May 20, 2024

Facebook, Twitter and Others Remove Pro-U.S. Influence Campaign

Twitter said it had no comment on the Stanford and Graphika report. Meta did not respond to requests for comment. While the companies have regularly revealed influence operations they remove from their platforms, they have not published a report on the pro-U.S. campaign.

The only U.S. operations that Meta has previously named were domestic efforts, such as when the company revealed in October 2020 that a marketing firm, Rally Forge, was working with the conservative organization Turning Point USA to target Americans.
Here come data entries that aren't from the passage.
Lemma sup_ffun_unbounded_near_abscissa (M : R) : exists delta : R, 0 < delta /\
  forall s : R, alpha0 < s < alpha0 + delta -> exists y, fvals A tau w s y /\ M < y.
Proof.
have M1_gt0 : 0 < Rabs M + 1 by have := Rabs_pos M; lra.
set del := Rmin 1 (/ (2 * C * (Rabs M + 1))).
have del_gt0 : 0 < del by apply: Rmin_pos; [lra | apply: Rinv_0_lt_compat; have := C_gt0; nra].
have del_le1 : del <= 1 by apply: Rmin_l.
have Cdel_le : C * (2 * del) <= / (Rabs M + 1).
  have -> : / (Rabs M + 1) = C * (2 * / (2 * C * (Rabs M + 1))) by field; lra.
  apply: Rmult_le_compat_l; first exact: Rlt_le C_gt0.
  have : del <= / (2 * C * (Rabs M + 1)) by apply: Rmin_r.
  lra.
exists del; split => // s s_near.
have [om f_ge] := ffun_near_abscissa_ge (conj del_gt0 del_le1) s_near.
exists (ffun A tau w (sjw s om)); split; first by exists om.
apply: Rle_lt_trans (Rle_abs M) (Rlt_le_trans _ (Rabs M + 1) _ _ _); first lra.
apply: Rle_trans f_ge; rewrite -[X in X <= _]Rinv_inv.
by apply: Rinv_le_contravar => //; apply: Rmult_lt_0_compat; [apply: C_gt0 | lra].
Qed.

Lemma fvals_lub_le s B : (forall om, ffun A tau w (sjw s om) <= B) ->
  exists u, is_lub (fvals A tau w s) u /\ 0 <= u <= B.
Proof.
move=> f_le; have fvals_bounded : bound (fvals A tau w s) by exists B => _ [om ->].
have [u u_lub] := completeness _ fvals_bounded (ex_intro _ _ (ex_intro _ 0 erefl)).
exists u; split => //; split; last by apply: (proj2 u_lub) => _ [om ->].
by apply: Rle_trans (ffun_ge0 A tau n_gt0 w_gt0 (sjw s 0)) _; apply: (proj1 u_lub); exists 0.
Qed.

Lemma sup_ffun_vanishes_at_infinity eps : 0 < eps -> exists S : R,
  forall s : R, S < s -> exists u : R, is_lub (fvals A tau w s) u /\ Rabs u < eps.
Proof.
move=> eps_gt0; set K := Anorm A; set W := wsum w.
have W_ge0 : 0 <= W by apply: Rsum_ge0 => i _; apply: Rlt_le; apply: Rinv_0_lt_compat.
set S0 := W * INR n / eps.
have S0_ge0 : 0 <= S0.
  apply: Rmult_le_pos; first by apply: Rmult_le_pos => //; apply: pos_INR.
  by apply: Rlt_le; apply: Rinv_0_lt_compat.
exists (Rmax (Rmax alpha0 0) (K + S0)) => s s_gt.
have alpha0_lt : alpha0 < s by have := Rmax_l alpha0 0; have := Rmax_l (Rmax alpha0 0) (K + S0); lra.
have s_gt0 : 0 < s by have := Rmax_r alpha0 0; have := Rmax_l (Rmax alpha0 0) (K + S0); lra.
have gap : S0 < s - K by have := Rmax_r (Rmax alpha0 0) (K + S0); lra.
have f_le om : ffun A tau w (sjw s om) <= W * (INR n / (s - K)).
  by apply: ffun_le => //=; [exact: Fmat_unitmx alpha0_lub _ | lra | rewrite -/K; lra].
have [u [u_lub [u_ge0 u_le]]] := fvals_lub_le f_le.
exists u; split => //; rewrite Rabs_right; last lra.
apply: Rle_lt_trans u_le _; apply: (Rmult_lt_reg_r (s - K)); first lra.
have -> : W * (INR n / (s - K)) * (s - K) = S0 * eps by rewrite /S0; field; lra.
by rewrite (Rmult_comm eps); apply: Rmult_lt_compat_r.
Qed.

End Abscissa.

Theorem proposition2 (n m : nat) (A : 'I_m.+1 -> 'M[cpx]_n) (tau w : 'I_m.+1 -> R)
    (alpha0 : R) :
  (0 < n)%N ->
  tau ord0 = 0 ->
  (forall i, 0 <= tau i) ->
  (forall i, 0 < w i) ->
  is_lub (root_re A tau) alpha0 ->
  (forall M : R, exists delta : R, 0 < delta /\
     forall s : R, alpha0 < s < alpha0 + delta ->
       exists y, fvals A tau w s y /\ M < y)
  /\
  (forall eps : R, 0 < eps -> exists S : R,
     forall s : R, S < s ->
       exists u : R, is_lub (fvals A tau w s) u /\ Rabs u < eps).
Proof.
move=> n_gt0 tau0 tau_ge0 w_gt0 alpha0_lub; split.
- exact: sup_ffun_unbounded_near_abscissa n_gt0 tau0 tau_ge0 w_gt0 alpha0_lub.
- exact: sup_ffun_vanishes_at_infinity n_gt0 tau_ge0 w_gt0 alpha0_lub.
Qed.
Lemma Gamma_lower a b c x : (a < n)%nat -> (b < n)%nat -> (c < n)%nat ->
  sumn n (fun k => Gamma n g gi a b k x * g k c x)
  = / 2 * (pd (g c b) a x + pd (g c a) b x - pd (g a b) c x).
Proof.
  intros Ha Hb Hc; destruct Hr as [_ [_ [Hs [_ Hinv]]]].
  set (F l := pd (g l b) a x + pd (g l a) b x - pd (g a b) l x).
  unfold Gamma.
  rewrite (sumn_ext _ _ (fun k => / 2 * sumn n (fun l => F l * (g c k x * gi k l x)))).
  - rewrite sumn_scal_l, sumn_swap.
    rewrite (sumn_ext _ _ (fun l => F l * (if Nat.eqb c l then 1 else 0)))
      by (intros l Hl; rewrite sumn_scal_l, Hinv by auto; reflexivity).
    rewrite sumn_kronecker by auto; reflexivity.
  - intros k Hk; rewrite Rmult_assoc, <- sumn_scal_r; f_equal.
    apply sumn_ext; intros l Hl; rewrite (Hs k c x) by auto; unfold F; ring.
Qed.

Lemma cov02_metric a b c x : (a < n)%nat -> (b < n)%nat -> (c < n)%nat ->
  cov02 n g gi g a b c x = 0.
Proof.
  intros Ha Hb Hc; unfold cov02.
  rewrite (sumn_ext _ (fun k => Gamma n g gi a c k x * g b k x)
             (fun k => Gamma n g gi a c k x * g k b x)) by (intros; rewrite (g_sym b) by auto; auto).
  rewrite !Gamma_lower by auto.
  rewrite (g_sym c b), (g_sym b a), (g_sym c a) by auto; field.
Qed.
In an email, YouTube said it had terminated several channels posting in Arabic, Farsi and Russian to promote U.S. foreign affairs, including channels linked to a U.S. consulting firm, as part of an investigation into coordinated influence operations. It said its findings were similar to those in the Stanford and Graphika report.
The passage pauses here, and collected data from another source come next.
(* Let $F:\mathbb{R}^N\times\mathbb{R}\to\mathbb{R}$ be a generating family for a Legendrian knot with $F(x,t)=x_1$ outside a compact subset of $\mathbb{R}^N\times\mathbb{R}$, and let $w(x,y,t)=F(x,t)-F(y,t)$ on $\mathbb{R}^{2N}\times\mathbb{R}$. Then there exists a fiber preserving diffeomorphism $\varphi:\mathbb{R}^{2N}\times\mathbb{R}\to\mathbb{R}^{2N}\times\mathbb{R}$, $\varphi(x,y,t)=(\Phi(x,y,t),t)$, such that $\alpha=w\circ\varphi$ satisfies $\alpha(x,y,t)=x_1-y_1$ outside a compact subset.
   Context: A generating family: a smooth $F:\mathbb{R}^N\times\mathbb{R}\to\mathbb{R}$, $f_t=F(\cdot,t)$, with $0$ a regular value of $(\partial F/\partial x_1,\dots,\partial F/\partial x_N)$; its fiberwise critical set is immersed as a Legendrian curve in $(\mathbb{R}^3,\ker(dz-y\,dx))$ by $(x,t)\mapsto(t,\partial F/\partial t,F)$. Coordinates on $\mathbb{R}^{2N}$ are $(x,y)$ with $x,y\in\mathbb{R}^N$. *)

From HB Require Import structures.
From mathcomp Require Import all_boot all_order all_algebra.
From mathcomp Require Import all_classical all_reals all_analysis.
Set Implicit Arguments. Unset Strict Implicit. Unset Printing Implicit Defensive.
Import Order.TTheory GRing.Theory Num.Theory.
Import numFieldNormedType.Exports.
Local Open Scope classical_set_scope.
Local Open Scope ring_scope.

Section Defs.
Variable R : realType.

Fixpoint iterD {V W : normedModType R} (vs : seq V) (f : V -> W) : V -> W :=
  match vs with
  | [::] => f
  | v :: vs' => fun x => derive (iterD vs' f) x v
  end.

Definition smooth {V W : normedModType R} (f : V -> W) : Prop :=
  forall vs : seq V, continuous (iterD vs f) /\ forall x v, derivable (iterD vs f) x v.

Definition diffeomorphism {V : normedModType R} (phi : V -> V) : Prop :=
  exists psi : V -> V, cancel phi psi /\ cancel psi phi /\ smooth phi /\ smooth psi.

Definition ex {N : nat} (i : 'I_N) : 'rV[R]_N * R := (delta_mx 0 i, 0).
Definition et {N : nat} : 'rV[R]_N * R := (0, 1).

Definition dxF {N : nat} (F : 'rV[R]_N * R -> R) : 'rV[R]_N * R -> 'rV[R]_N :=
  fun p => \row_i derive F p (ex i).

Definition fibcrit {N : nat} (F : 'rV[R]_N * R -> R) : set ('rV[R]_N * R) :=
  [set p | dxF F p = 0].

Definition regular_zero {N : nat} (F : 'rV[R]_N * R -> R) : Prop :=
  forall p, fibcrit F p ->
    forall w : 'rV[R]_N, exists v : 'rV[R]_N * R, derive (dxF F) p v = w.

Definition legmap {N : nat} (F : 'rV[R]_N * R -> R) (p : 'rV[R]_N * R) : R * R * R :=
  (p.2, derive F p et, F p).

(* F is a generating family (smooth, 0 regular value of the x-gradient) whose
   Legendrian curve is a knot: the critical set is a nonempty connected
   (necessarily 1-dimensional) set on which the Legendrian map is injective. *)
Definition gen_family_knot {N : nat} (F : 'rV[R]_N * R -> R) : Prop :=
  [/\ smooth F, regular_zero F,
      fibcrit F !=set0, connected (fibcrit F)
    & {in fibcrit F &, injective (legmap F)}].

End Defs.

From Pilot Require Import Defs.
From HB Require Import structures.
From mathcomp Require Import all_boot all_order all_algebra.
From mathcomp Require Import all_classical all_reals all_analysis.
Import Order.TTheory GRing.Theory Num.Theory.
Import numFieldNormedType.Exports.
Local Open Scope classical_set_scope.
Local Open Scope ring_scope.

(* Write F = x_1 + g with g compactly supported (only the smoothness of F and
   this normalisation are used).  phi is the composite of two fibre-preserving
   shears, (x, y, t) |-> (x', y, t) with x' = x + g(y,t) e_1, followed by
   (x', y, t) |-> (x', y', t) with y' = y + g(x',t) e_1; a shear is inverted by
   flipping the sign of g, because g does not depend on the coordinate it moves.
   Then w o phi = x_1 - y_1 + g(y,t) - g(y',t), which vanishes as soon as
   (x',t) lies outside supp g (so y' = y) or both (y,t) and (y',t) do; since g
   is bounded this holds outside a compact set.  Smoothness of the composite is
   proved without Frechet derivatives: a mean value argument along the single
   direction of a shear gives a chain rule for x |-> G (A x + s x *: u). *)

Section SmoothBasics.
Context {R : realType} {V W : normedModType R}.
Ms. DiResta said the tactics used in the pro-U.S. influence campaign resembled those used by China. While Russia often seeks to sow divisions in its online campaigns, China is more focused on promoting a rosy picture of life in the country, she said. With the pro-U.S. campaign, the goal was also “to show how awesome the U.S. was in comparison to the other countries,” she said.

The researchers were notified of the pro-U.S. online campaign by Meta and Twitter so they could analyze and study the activity, according to the report. The researchers found that the operation largely focused on messaging that favored the United States and the West through memes and false news stories, while criticizing Russia, China and Iran.

The accounts tailored their language and messaging to different regions, the researchers said. In one effort, a group of 12 Twitter accounts, 10 Facebook pages, 15 Facebook profiles and 10 Instagram accounts were created between June 2020 and March 2022 to focus on Central Asia. Some pretended to be media outlets with names like Vostochnaya Pravda. At least one account posed as an individual using a doctored profile photo based on an image of the Puerto Rican actress Valeria Menendez.